Certain general diagnostic and testing steps can be applied to any troubleshooting problem, whether the problem occurred at startup of a new system or at a breakdown of an existing system.
Think safety first
Safety should always be a prime concern of maintenance personnel. Compressed air is a volatile element in a pneumatic circuit. Air receiver tanks have exploded, causing severe injury to personnel and damage to property. It is imperative to relieve pressure in a receiver tank prior to making any repairs.
Air is also highly compressible, which is another reason to be cautious in the approach to troubleshooting a pneumatic system. When working with overhead loads that are supported by cylinders, but not mechanically locked into position, block the load before servicing the system to prevent falling or drifting.
Many pneumatic systems are controlled by electrical or electronic devices. Before attempting service or repair on these components, be sure the electrical power supply has been turned off.
Pneumatic directional control valves that use electrical solenoids to operate the valve spool are often equipped with manual overrides (Fig. 1) that can be used during troubleshooting to operate the system.
Pneumatic lockout valves (Fig. 2) are excellent safety devices that, when used properly on pneumatic systems, can prevent accidental operation. Ensuring a safe condition should always be the first step in troubleshooting pneumatic systems.
Ask the three Ws
When a breakdown in the system occurs, the pressures of downtime loom large in the minds of all concerned. Before beginning repair of a system, stop and ask these three questions:
What is or is not occurring in the system’s operation?
When did the problem begin? Was it a sudden failure or a gradual failure?
Where in the machine cycle does the problem occur? Was it at startup or after the system has been operating for a while?
What is or is not occurring in the system can often be answered by the system operator. Answers to questions such as slow actuator speed or inability of the actuator to move could lead to looking for a low flow rate or low pressure.

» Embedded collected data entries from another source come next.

(* A Z-graded dg commutative algebra over K, encoded by its total algebra
   A = (+)_k A^k : an algType K together with the homogeneous components
   deg k (subspaces) forming a direct sum decomposition, and a differential. *)
Section CDGA.
Variable K : fieldType.

Definition is_cdga (A : algType K) (deg : int -> pred A) (d : A -> A) : Prop :=
  [/\
      (forall k, 0 \in deg k /\
         forall (a : K) x y, x \in deg k -> y \in deg k -> a *: x + y \in deg k),
      (forall x : A, exists (s : seq int) (f : int -> A),
          (forall k, f k \in deg k) /\ x = \sum_(k <- s) f k),
      (forall (s : seq int) (f : int -> A), uniq s ->
          (forall k, f k \in deg k) -> \sum_(k <- s) f k = 0 ->
          forall k, k \in s -> f k = 0),
      [/\ (1 : A) \in deg 0,
          (forall i j x y, x \in deg i -> y \in deg j -> x * y \in deg (i + j)) &
          (forall i j x y, x \in deg i -> y \in deg j ->
             x * y = (-1) ^+ absz (i * j) *: (y * x))] &
      [/\ (forall (a : K) x y, d (a *: x + y) = a *: d x + d y),
          (forall k x, x \in deg k -> d x \in deg (k + 1)),
          (forall x, d (d x) = 0) &
          (forall i x y, x \in deg i ->
             d (x * y) = d x * y + (-1) ^+ absz i *: (x * d y))]].

Record cdga := CDGA {
  cd_car : algType K;
  cd_deg : int -> pred cd_car;
  cd_d : cd_car -> cd_car;
  cd_ax : is_cdga cd_deg cd_d }.
Arguments cd_deg : clear implicits.
Arguments cd_d : clear implicits.

Definition is_cdga_hom (A B : cdga) (f : cd_car A -> cd_car B) : Prop :=
  [/\ (forall (a : K) x y, f (a *: x + y) = a *: f x + f y),
      (forall x y, f (x * y) = f x * f y),
      f 1 = 1,
      (forall k x, x \in cd_deg A k -> f x \in cd_deg B k) &
      (forall x, f (cd_d A x) = cd_d B (f x))].

Record cdga_hom (A B : cdga) := CDGAHom {
  hom_fun : cd_car A -> cd_car B;
  hom_ax : is_cdga_hom hom_fun }.
Arguments hom_fun {A B}.

Definition cocycle {A : cdga} (k : int) (x : cd_car A) : Prop :=
  x \in cd_deg A k /\ cd_d A x = 0.
Definition coboundary {A : cdga} (k : int) (x : cd_car A) : Prop :=
  exists y, y \in cd_deg A (k - 1) /\ x = cd_d A y.

Definition quasi_iso (A B : cdga) (f : cdga_hom A B) : Prop :=
  forall k : int,
    (forall x, cocycle k x -> coboundary k (hom_fun f x) -> coboundary k x) /\
    (forall z, cocycle k z -> exists x y, cocycle k x /\
        y \in cd_deg B (k - 1) /\ z = hom_fun f x + cd_d B y).

Definition fibration (A B : cdga) (f : cdga_hom A B) : Prop :=
  forall k z, z \in cd_deg B k -> exists x, x \in cd_deg A k /\ hom_fun f x = z.

Definition cofibrant (A : cdga) : Prop :=
  forall (B C : cdga) (p : cdga_hom B C) (f : cdga_hom A C),
    fibration p -> quasi_iso p ->
    exists g : cdga_hom A B, forall x, hom_fun p (hom_fun g x) = hom_fun f x.

Definition augmentation (A : cdga) (eps : cd_car A -> K) : Prop :=
  [/\ (forall (a : K) x y, eps (a *: x + y) = a * eps x + eps y),
      (forall x y, eps (x * y) = eps x * eps y),
      eps 1 = 1,
      (forall k x, k != 0 -> x \in cd_deg A k -> eps x = 0) &
      (forall x, eps (cd_d A x) = 0)].

Definition cohom_vanishes (A : cdga) (k : int) : Prop :=
  forall x : cd_car A, cocycle k x -> coboundary k x.

Definition H0_is_ground (A : cdga) : Prop :=
  (forall a : K, coboundary 0 (a *: (1 : cd_car A)) -> a = 0) /\
  (forall x : cd_car A, cocycle 0 x -> exists (a : K) y,
       y \in cd_deg A (-1) /\ x = a *: 1 + cd_d A y).

(* The dg ideal generated by A^k and d(A^k), k < 0 (kernel of A -> tau# A) *)
Definition tau_gen {A : cdga} (g : cd_car A) : Prop :=
  exists k : int, k < 0 /\
    (g \in cd_deg A k \/ exists h, h \in cd_deg A k /\ g = cd_d A h).

Definition tau_ideal {A : cdga} (x : cd_car A) : Prop :=
  exists s : seq (cd_car A * cd_car A),
    (forall p, p \in s -> tau_gen p.2) /\ x = \sum_(p <- s) p.1 * p.2.

(* The unit A -> iota tau# A = A / tau_ideal is a quasi-isomorphism,
   written out: H^k(A) -> H^k(A/I) is bijective for every k, where
   H^k(A/I) = {x in A^k | dx in I} / (I^k + d A^(k-1)). *)
Definition tau_unit_quasi_iso (A : cdga) : Prop :=
  forall k : int,
    (forall x : cd_car A, cocycle k x ->
       (exists y, y \in cd_deg A (k - 1) /\ tau_ideal (x - cd_d A y)) ->
       coboundary k x) /\
    (forall x, x \in cd_deg A k -> tau_ideal (cd_d A x) ->
       exists x' y, cocycle k x' /\ y \in cd_deg A (k - 1) /\
         tau_ideal (x - x' - cd_d A y)).

End CDGA.

(** Choose a complement [W] of [d(A^0)] in [A^1]. Because [H^{<0}(A) = 0] and
    [H^0(A) = K], the dg subalgebra [S = K ⊕ W ⊕ A^{>=2}] of [A] is
    quasi-isomorphic to [A] and vanishes in negative degrees. The polynomial
    forms [A[t] ⊕ A[t] dt] with value in [S] at [t = 0] form a path object:
    evaluation at [t = 1] is onto [A], and in characteristic 0 integration in
    [t] makes it a quasi-isomorphism. Cofibrancy of [A] lifts the identity of
    [A] through it to some [g]. Evaluating [g] at [t = 0] is a dg algebra map
    [A -> S], hence kills the ideal [I] defining [tau# A], and integrating the
    [dt]-part of [g] over [[0, 1]] is a homotopy [h] with
    [x = g(x)(0) + d h(x) + h(dx)] and [h(I) ⊆ I]; these two facts give
    injectivity and surjectivity of [H(A) -> H(A / I)]. *)

From HB Require Import structures.
From mathcomp Require Import all_boot all_order all_algebra zify.
From mathcomp Require Import boolp classical_sets.
Set Implicit Arguments. Unset Strict Implicit. Unset Printing Implicit Defensive.
Import Order.TTheory GRing.Theory Num.Theory.
Local Open Scope ring_scope.

Section KoszulSign.
Variable K : fieldType.

Definition koszul_sign (k : int) : K := (-1) ^+ absz k.

Lemma koszul_signD i j : koszul_sign (i + j) = koszul_sign i * koszul_sign j.
Proof.
have signE k : koszul_sign k = (-1) ^ k.
  by case: k => n //; rewrite /koszul_sign /exprz /= invr_sign.
by rewrite !signE exprzDr // unitrN1.
Qed.

Lemma koszul_sign_sqr i : koszul_sign i * koszul_sign i = 1.
Proof. by rewrite /koszul_sign -exprD -signr_odd oddD addbb. Qed.

Lemma koszul_signN i : koszul_sign (- i) = koszul_sign i.
Proof. by rewrite /koszul_sign abszN. Qed.

Lemma koszul_sign1 : koszul_sign 1 = -1.
Proof. by rewrite /koszul_sign expr1. Qed.

End KoszulSign.

Lemma sumr_restrict (V : nmodType) (I : eqType) (s u : seq I) (f : I -> V) :
  uniq s -> uniq u -> {subset s <= u} ->
  \sum_(i <- u) (if i \in s then f i else 0) = \sum_(i <- s) f i.
Proof.
move=> us uu su; rewrite -big_mkcond /= -big_filter.
apply: perm_big; apply: uniq_perm; rewrite ?filter_uniq // => i.
by rewrite mem_filter; case si: (i \in s) => //=; rewrite su.
Qed.

Section GradedAlgebra.
Variables (K : fieldType) (A : cdga K).
Local Notation R := (cd_car A).
Local Notation deg := (@cd_deg _ A).
Local Notation d := (@cd_d _ A).
Local Notation sign := (@koszul_sign K).

Lemma deg0 k : (0 : R) \in deg k.
Proof. by case: (cd_ax A) => /(_ k) []. Qed.

Lemma degZD k a (x y : R) : x \in deg k -> y \in deg k -> a *: x + y \in deg k.
Proof. by case: (cd_ax A) => /(_ k) [] _ H _ _ _ _; apply: H. Qed.

Lemma degD k (x y : R) : x \in deg k -> y \in deg k -> x + y \in deg k.
Proof. by move=> hx hy; have := degZD 1 hx hy; rewrite scale1r. Qed.

Lemma degZ k a (x : R) : x \in deg k -> a *: x \in deg k.
Proof. by move=> hx; have := degZD a hx (deg0 k); rewrite addr0. Qed.

Lemma degN k (x : R) : x \in deg k -> - x \in deg k.
Proof. by move=> hx; rewrite -scaleN1r degZ. Qed.

Lemma degB k (x y : R) : x \in deg k -> y \in deg k -> x - y \in deg k.
Proof. by move=> hx hy; rewrite degD ?degN. Qed.

Lemma deg_sum k (I : Type) (r : seq I) (P : pred I) (F : I -> R) :
  (forall i, P i -> F i \in deg k) -> \sum_(i <- r | P i) F i \in deg k.
Proof.
by move=> H; apply: (big_ind (fun z => z \in deg k)); [exact: deg0 | exact: degD |].
Qed.

Lemma degMn k (x : R) n : x \in deg k -> x *+ n \in deg k.
Proof. by move=> hx; elim: n => [|n IH]; rewrite ?mulr0n ?deg0 // mulrS degD. Qed.

Lemma deg1 : (1 : R) \in deg 0.
Proof. by case: (cd_ax A) => _ _ _ []. Qed.

Lemma degM i j (x y : R) : x \in deg i -> y \in deg j -> x * y \in deg (i + j).
Proof. by case: (cd_ax A) => _ _ _ [_ H _] _; apply: H. Qed.

Lemma deg_mulC i j (x y : R) : x \in deg i -> y \in deg j ->
  x * y = sign (i * j) *: (y * x).
Proof. by case: (cd_ax A) => _ _ _ [_ _ H] _; apply: H. Qed.

Lemma deg_decomp (x : R) :
  exists s f, (forall k, f k \in deg k) /\ x = \sum_(k <- s) f k.
Proof. by case: (cd_ax A) => _ H _ _ _; apply: H. Qed.

Lemma deg_direct s (f : int -> R) : uniq s -> (forall k, f k \in deg k) ->
  \sum_(k <- s) f k = 0 -> forall k, k \in s -> f k = 0.
Proof. by case: (cd_ax A) => _ _ H _ _; apply: H. Qed.

Lemma dZD a (x y : R) : d (a *: x + y) = a *: d x + d y.
Proof. by case: (cd_ax A) => _ _ _ _ [H _ _ _]; apply: H. Qed.

Lemma dD (x y : R) : d (x + y) = d x + d y.
Proof. by have := dZD 1 x y; rewrite !scale1r. Qed.

Lemma d0 : d 0 = 0.
Proof. by apply: (@addrI _ (d 0)); rewrite -dD !addr0. Qed.

Lemma dZ a (x : R) : d (a *: x) = a *: d x.
Proof. by have := dZD a x 0; rewrite !addr0 d0 addr0. Qed.

Lemma dN (x : R) : d (- x) = - d x.
Proof. by rewrite -scaleN1r dZ scaleN1r. Qed.

Lemma dB (x y : R) : d (x - y) = d x - d y.
Proof. by rewrite dD dN. Qed.

Lemma d_sum (I : Type) (r : seq I) (P : pred I) (F : I -> R) :
  d (\sum_(i <- r | P i) F i) = \sum_(i <- r | P i) d (F i).
Proof. exact: (big_morph d dD d0). Qed.

Lemma dMn (x : R) n : d (x *+ n) = d x *+ n.
Proof. by elim: n => [|n IH]; rewrite ?mulr0n ?d0 // !mulrS dD IH. Qed.

Lemma d_deg k (x : R) : x \in deg k -> d x \in deg (k + 1).
Proof. by case: (cd_ax A) => _ _ _ _ [_ H _ _]; apply: H. Qed.

Lemma dd (x : R) : d (d x) = 0.
Proof. by case: (cd_ax A) => _ _ _ _ [_ _ H _]; apply: H. Qed.

Lemma d_leibniz i (x y : R) : x \in deg i ->
  d (x * y) = d x * y + sign i *: (x * d y).
Proof. by case: (cd_ax A) => _ _ _ _ [_ _ _ H]; apply: H. Qed.

Lemma d1 : d 1 = 0.
Proof.
have := d_leibniz 1 deg1; rewrite !(mulr1, mul1r) /koszul_sign expr0 scale1r => h.
by apply: (@addrI _ (d 1)); rewrite addr0 -h.
Qed.

Lemma deg_decomp_uniq (x : R) : exists sf : seq int * (int -> R),
  [/\ uniq sf.1, (forall k, sf.2 k \in deg k) & x = \sum_(k <- sf.1) sf.2 k].
Proof.
have [s [f [hf ->]]] := deg_decomp x.
exists (undup s, fun k => f k *+ count_mem k s); split => /=.
- exact: undup_uniq.
- by move=> k; apply: degMn.
- rewrite -(big_undup_iterop_count +%R); apply: eq_bigr => k _.
  by rewrite Monoid.iteropE; elim: (count_mem k s) => //= n ->; rewrite mulrS.
Qed.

Asking, ” When did the problem begin?’ can often lead to troubleshooting steps looking for worn components or leaks. Sudden malfunctions can point to breaks and possible mechanical problems, ruptures in lines, or other catastrophic failures. By determining the when, the problem search can be narrowed in its scope.
Asking, ” Where in the machine cycle does the problem occur?” can reveal a reoccurring condition.
If good maintenance records have been kept, reoccurring problems should have been recorded. This information makes the troubleshooting process much easier.
A maintenance person who stops and asks the three Ws can reduce downtime by not having to guess at what is wrong. However, if these questions do not yield a satisfactory diagnosis the maintenance person must begin the mechanics of troubleshooting by visually inspecting the machine.
Make a visual inspection
Walking around the machine will often uncover problems such as worn or burst hoses, loose components, and broken components. This is the time to become familiar with the components contained in the pneumatic system.
If unfamiliar with the components, or if unfamiliar with the machine operation, ask as many pertinent questions about the system as possible. Before trying to operate the system or attempt repairs, understand the interrelations of all the components and the sub-systems found on the machine.
Read the schematics
Every pneumatic system should have two forms of documentation that will assist in troubleshooting. One document is a schematic drawing of the pneumatic circuit (Fig. 3). The schematic is a road map. It not only explains the operating function of the components but also is a valuable diagnostic tool.
The schematic contains useful information about pressure test point locations; pressure settings of regulators and other pressure valves; flow rates within the system; cylinder stroke lengths, and air motor speeds as well as a bill of materials for the system. This type of information can aid in determining if the system is operating within its design parameters.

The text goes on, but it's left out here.